▸ **Exercise goal**: Find all the lines in the entries below that hold the word "bool" and copy them.

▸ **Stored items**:
(* Let $e\ge 4$. The number of sparse colourings of the triangle $\triangle_{2,e-1}$ (a triangle of height $e-4$) equals the Catalan number $C_{e-3}=\frac{1}{e-2}\binom{2(e-3)}{e-3}$.
   Context: Dots are pairs of integers $(\alpha,\beta)$. For integers $\delta<\varepsilon$, the triangle $\triangle_{\delta,\varepsilon}$ is the set of dots $(\alpha,\beta)$ with $\delta\le\alpha$, $\beta\le\varepsilon$ and $\beta-\alpha\ge 2$; its height is $\varepsilon-\delta-1$. For a dot $(\alpha,\beta)\in\triangle_{\delta,\varepsilon}$, the sub-triangle $\triangle_{\alpha,\beta}$ is defined by the same rule. A colouring assigns to each dot the colour black or white. A coloured triangle $\triangle_{\delta,\varepsilon}$ is sparse if for every dot $(\alpha,\beta)\in\triangle_{\delta,\varepsilon}$ (including the vertex $(\delta,\varepsilon)$) the number of black dots in $\triangle_{\alpha,\beta}$ is at most $\beta-\alpha-1$, with equality if and only if $(\alpha,\beta)$ is black. (For $e=4$ the triangle is empty and has exactly one colouring.) *)

From mathcomp Require Import all_boot.
Set Implicit Arguments. Unset Strict Implicit. Unset Printing Implicit Defensive.

(* Dots are pairs of naturals (a, b) (all indices here are >= 2, so nat suffices).
   Dot (a,b) lies in triangle △_{d,f} iff d <= a, b <= f, b - a >= 2. *)
Definition in_tri (d f a b : nat) : bool := (d <= a) && (b <= f) && (a + 2 <= b).

(* A colouring of △_{2,e-1} is represented by c : {ffun 'I_e * 'I_e -> bool}
   (true = black) which is false at every pair outside the triangle; all dots
   of △_{2,e-1} have coordinates < e. *)
Definition colouring (e : nat) := {ffun 'I_e * 'I_e -> bool}.

Definition supported (e : nat) (c : colouring e) : bool :=
  [forall x : 'I_e * 'I_e, ~~ in_tri 2 e.-1 x.1 x.2 ==> ~~ c x].

Definition nblack (e : nat) (c : colouring e) (a b : nat) : nat :=
  #|[set x : 'I_e * 'I_e | in_tri a b x.1 x.2 && c x]|.

Definition sparse (e : nat) (c : colouring e) : bool :=
  [forall x : 'I_e * 'I_e, in_tri 2 e.-1 x.1 x.2 ==>
     (nblack c x.1 x.2 <= x.2 - x.1 - 1) &&
     ((nblack c x.1 x.2 == x.2 - x.1 - 1) == c x)].

From mathcomp Require Import all_boot zify.
Set Implicit Arguments. Unset Strict Implicit. Unset Printing Implicit Defensive.

(* A colouring is read as a relation [black c i j] on nat, and the triangle is built
   column by column: column j consists of the dots (i, j) with 2 <= i <= j - 2.  When a
   column j = f + 1 is added, the sparseness conditions at its dots only see the old
   columns through the slack (f - a - 1) - #black(△_{a,f}) of each row a, and say
   that, read from the bottom, a cell is black exactly when the number of black cells
   of the column at or above it equals slack + 1.  Section Column studies such columns
   abstractly: a column is determined by its number of black cells (column_unique) and
   every admissible number is realised (column_exists).  Consequently restriction to
   the old columns is a bijection from the sparse colourings of size f + 2 with [m]
   black dots onto the sparse colourings of size f + 1 with at most [m] black dots
   (card_weight_step).  Hence the number of sparse colourings of △_{2,n+3} with [m]
   black dots is the ballot number [ballot n m] (count_by_weight); these satisfy
   ballot n k = C(n+k, k) - C(n+k, k-1) (ballot_closed), and summing over [m] gives
   ballot (n+1) (n+1), the Catalan number C_{n+1} (catalan_ballot). *)

(* A column is a bit [x a] for each cell a < hi; [above x a] counts the black cells
   of the column at or above cell a. *)
Section Column.
Variable hi : nat.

▸ **Written response**:
Definition in_tri (d f a b : nat) : bool := (d <= a) && (b <= f) && (a + 2 <= b).
(* A colouring of △_{2,e-1} is represented by c : {ffun 'I_e * 'I_e -> bool}
Definition colouring (e : nat) := {ffun 'I_e * 'I_e -> bool}.
Definition supported (e : nat) (c : colouring e) : bool :=
Definition sparse (e : nat) (c : colouring e) : bool :=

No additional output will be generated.